Il n'est pas seul. Tamara Lich, éminente organisatrice du «convoi de la liberté», a visité la ferme à plusieurs reprises.

La professeure Turnbull a rappelé que le chef conservateur avait réussi à obtenir le soutien de ceux en faveur du convoi.

«Il ne l'approuve pas ouvertement, mais il se présente comme suffisamment proche du projet pour que ces personnes viennent le soutenir», a-t-elle ajouté.

M. Poilievre s'attaque également aux libéraux sur les questions d'accessibilité financière et de criminalité, a-t-elle souligné, et le parti souhaite probablement qu'il maintienne son message.

Gerry Ritz, ancien ministre fédéral conservateur de l'Agriculture, a convenu que M. Poilievre a «d'autres chats à fouetter».

«Où est le ministre? Vous savez, où est Heath MacDonald (ministre de l'Agriculture)? Il devrait être au premier plan et dire: oui, il y a une justification pour cela», a affirmé M. Ritz.

«Ils ne peuvent invoquer aucun élément de la Loi sur la santé des animaux qui autorise la brutalité à laquelle ils se sont livrés dans ce cas.»

M. Ritz, qui élevait autrefois des autruches dans sa ferme saskatchewanaise, a également affirmé qu'il n'était pas convaincu que le troupeau ait réellement contracté la grippe aviaire. «Je ne suis même pas certain que la grippe aviaire soit un facteur dans leur cas. Personne ne l'a prouvé», a-t-il déclaré.

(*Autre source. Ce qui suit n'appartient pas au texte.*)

(* Let $G\subset U(V)$ be a finite pseudo reflection group and $\Upsilon$ any admissible parameter set. Then $B_G(\Upsilon)$ is a finite-dimensional $\mathbb C$-algebra, and the linear map $\mathbb CG\to B_G(\Upsilon)$, $w\mapsto T_w$, is an injective algebra homomorphism.
   Context: Let $V$ be a finite-dimensional complex vector space and $G\subset U(V)$ a finite pseudo reflection group (a finite group generated by pseudo reflections, i.e. elements conjugate in $GL(V)$ to $\mathrm{diag}(\xi,1,\dots,1)$ with $\xi\neq1$ a root of unity). Let $R$ be the set of pseudo reflections in $G$ and $\mathcal A=\{H_i\}_{i\in P}$ the set of their reflecting hyperplanes, indexed by a finite set $P$. For $s\in R$ let $i(s)$ be the index with $H_{i(s)}$ the hyperplane fixed pointwise by $s$. $G$ permutes $\mathcal A$; write $w(i)$ for the index with $H_{w(i)}=w(H_i)$ and $i\sim j$ if $j=w(i)$ for some $w\in G$. Put $R(i,j)=\{s\in R: s(H_j)=H_i\}$. For $i\in P$ let $G_i$ be the pointwise stabilizer of $H_i$ in $G$ and $s_i\in G_i$ its unique element with exceptional eigenvalue $e^{2\pi\sqrt{-1}/|G_i|}$. An edge is an intersection of hyperplanes of $\mathcal A$. For $i\ne j$ write $H_i\pitchfork H_j$ if $\{k\in P: H_i\cap H_j\subset H_k\}=\{i,j\}$; a codimension-2 edge $L$ is crossing if $L=H_i\cap H_j$ for some $i,j$ with $H_i\pitchfork H_j$, and noncrossing otherwise. For $w\in G$, $V_w=\{v\in V: wv=v\}$. Admissible parameters $\Upsilon=\{\mu_s,\tau_i\}_{s\in R,i\in P}$: $\mu_s\in\mathbb C\setminus\{0\}$ with $\mu_s=\mu_{s'}$ whenever $s,s'$ are conjugate in $G$, and $\tau_i\in\mathbb C$ with $\tau_i=\tau_j$ whenever $i\sim j$. The algebra $B_G(\Upsilon)$ is the unital associative $\mathbb C$-algebra generated by $\{T_w\}_{w\in G}\cup\{e_i\}_{i\in P}$ with $T_1=1$ and relations: (0) $T_{w_1}T_{w_2}=T_{w_1w_2}$; (1) $T_{s_i}e_i=e_iT_{s_i}=e_i$ for $i\in P$; (1') $T_we_i=e_iT_w=e_i$ whenever $w(H_i)=H_i$ and $H_i\cap V_w$ is a noncrossing codimension-2 edge; (2) $e_i^2=\tau_ie_i$; (3) $T_we_j=e_iT_w$ whenever $w(H_j)=H_i$; (4) $e_ie_j=e_je_i$ if $H_i\pitchfork H_j$; (5) $e_ie_j=(\sum_{s\in R(i,j)}\mu_sT_s)e_j=e_i(\sum_{s\in R(i,j)}\mu_sT_s)$ if $i\ne j$, $H_i\cap H_j$ is noncrossing and $R(i,j)\neq\emptyset$; (6) $e_ie_j=0$ if $i\ne j$, $H_i\cap H_j$ is noncrossing and $R(i,j)=\emptyset$. *)

From HB Require Import structures.
From mathcomp Require Import all_boot all_order all_algebra all_fingroup all_character.
Set Implicit Arguments. Unset Strict Implicit. Unset Printing Implicit Defensive.
Import GRing.Theory Num.Theory.
Local Open Scope ring_scope.
(* Discrete model of G_n^k: bars indexed by their height rank i : 'I_n
   (i = 0 topmost), all with left endpoint at x = 0; the bar at rank i has
   right endpoint (s i).+1 in {1,..,n}, where s is a permutation of 'I_n.
   Only the relative order of lengths matters, and a uniform s is the
   uniform relative order of n i.i.d. Uniform(0,1) lengths. *)

Definition between n (i j m : 'I_n) : bool :=
  (minn i j < m) && (m < maxn i j).

(* The vertical segment at abscissa x joining bars i and j exists iff
   x <= min(length i, length j), and it intersects the intermediate bar m
   iff x <= length m (bars are closed).  Since the number of bars hit is
   monotone in x and lengths are integers, quantifying over integer
   abscissae x in {0,..,n} is the same as quantifying over real x >= 0. *)
Definition sbvis_adj n (k : nat) (s : {perm 'I_n}) (i j : 'I_n) : bool :=
  (i != j) &&
  [exists x : 'I_n.+1,
     (x <= minn (s i).+1 (s j).+1) &&
     (#|[set m : 'I_n | between i j m && (x <= (s m).+1)]| <= k)].

Definition num_edges n (k : nat) (s : {perm 'I_n}) : nat :=
  #|[set p : 'I_n * 'I_n | (p.1 < p.2) && sbvis_adj k s p.1 p.2]|.

Definition expect_edges (R : realType) n (k : nat) : R :=
  ((\sum_(s : {perm 'I_n}) (num_edges k s)%:R) / (n`!)%:R)%R.
Lemma le_0_of_le_halvings (x M : R) : (forall n, x <= M * (/ 2) ^ n) -> x <= 0.
Proof.
  intros Hx.
  assert (Hlim : is_lim_seq (fun n => M * (/ 2) ^ n) (Rbar_mult M 0)).
  { apply is_lim_seq_scal_l, is_lim_seq_geom. rewrite Rabs_pos_eq; lra. }
  pose proof (is_lim_seq_le (fun _ => x) _ _ _ Hx (is_lim_seq_const x) Hlim) as Hle.
  simpl in Hle. lra.
Qed.

Lemma step_size_exists (A C : R) : 0 <= A -> 0 <= C ->
  exists d, 0 < d /\ C * d * exp (2 * A * d) <= / 2.
Proof.
  intros HA HC.
  set (X := C * exp (2 * A)).
  assert (HX : 0 <= X) by (apply Rmult_le_pos; [lra | left; apply exp_pos]).
  set (d := / (1 + 2 * X)).
  assert (Hd : 0 < d) by (apply Rinv_0_lt_compat; lra).
  assert (Hd1 : d <= 1) by (rewrite <- Rinv_1; apply Rinv_le_contravar; lra).
  assert (HXd : X * d <= / 2).
  { apply (Rmult_le_reg_r (1 + 2 * X)); [lra|].
    unfold d. rewrite Rmult_assoc, Rinv_l by lra. lra. }
  exists d. split; [exact Hd|].
  apply Rle_trans with (C * d * exp (2 * A)).
  - apply Rmult_le_compat_l; [nra|]. apply exp_le_exp. nra.
  - replace (C * d * exp (2 * A)) with (X * d) by (unfold X; ring). exact HXd.
Qed.

Section Comparison.

Variables (u du : Z -> R -> R) (a : Z -> R) (A C d : R).
Hypothesis a_bounded : forall i, Rabs (a i) <= A.
Hypothesis C_ge0 : 0 <= C.
Hypothesis d_gt0 : 0 < d.
Hypothesis d_small : C * d * exp (2 * A * d) <= / 2.
Hypothesis u_right_continuous :
  forall i t, 0 <= t -> filterlim (u i) (at_right t) (locally (u i t)).
Hypothesis u_is_derive : forall i t, 0 < t -> is_derive (u i) t (du i t).
Hypothesis du_le : forall i t mu, 0 < t -> 0 <= mu -> (forall j, u j t <= mu) ->
  du i t <= a i * u i t + C * mu.
Hypothesis u_bounded : forall T, 0 < T -> exists M, forall i t, 0 <= t <= T -> u i t <= M.
Hypothesis u_init : forall i, u i 0 <= 0.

Mme Pasitney a dit la même chose, mais la ferme elle-même n'a pas plaidé devant les tribunaux l'absence de grippe aviaire.

En fait, selon l'ACIA, la ferme a affirmé devant le tribunal que «des personnes associées aux sites infectés ont signalé avoir subi des tests sanguins et que des anticorps H5N1 ont été détectés».

«Bien qu'aucun cas grave n'ait été signalé aux autorités de santé publique, cette preuve apparente de transmission de l'autruche à l'humain est préoccupante et met en évidence le risque de retards dans l'élimination d'un troupeau infecté», a fait valoir l'ACIA.

La Cour suprême décidera bientôt si elle entendra l'affaire.

— Avec des informations de Brenna Owen à Edgewood, en Colombie-Britannique.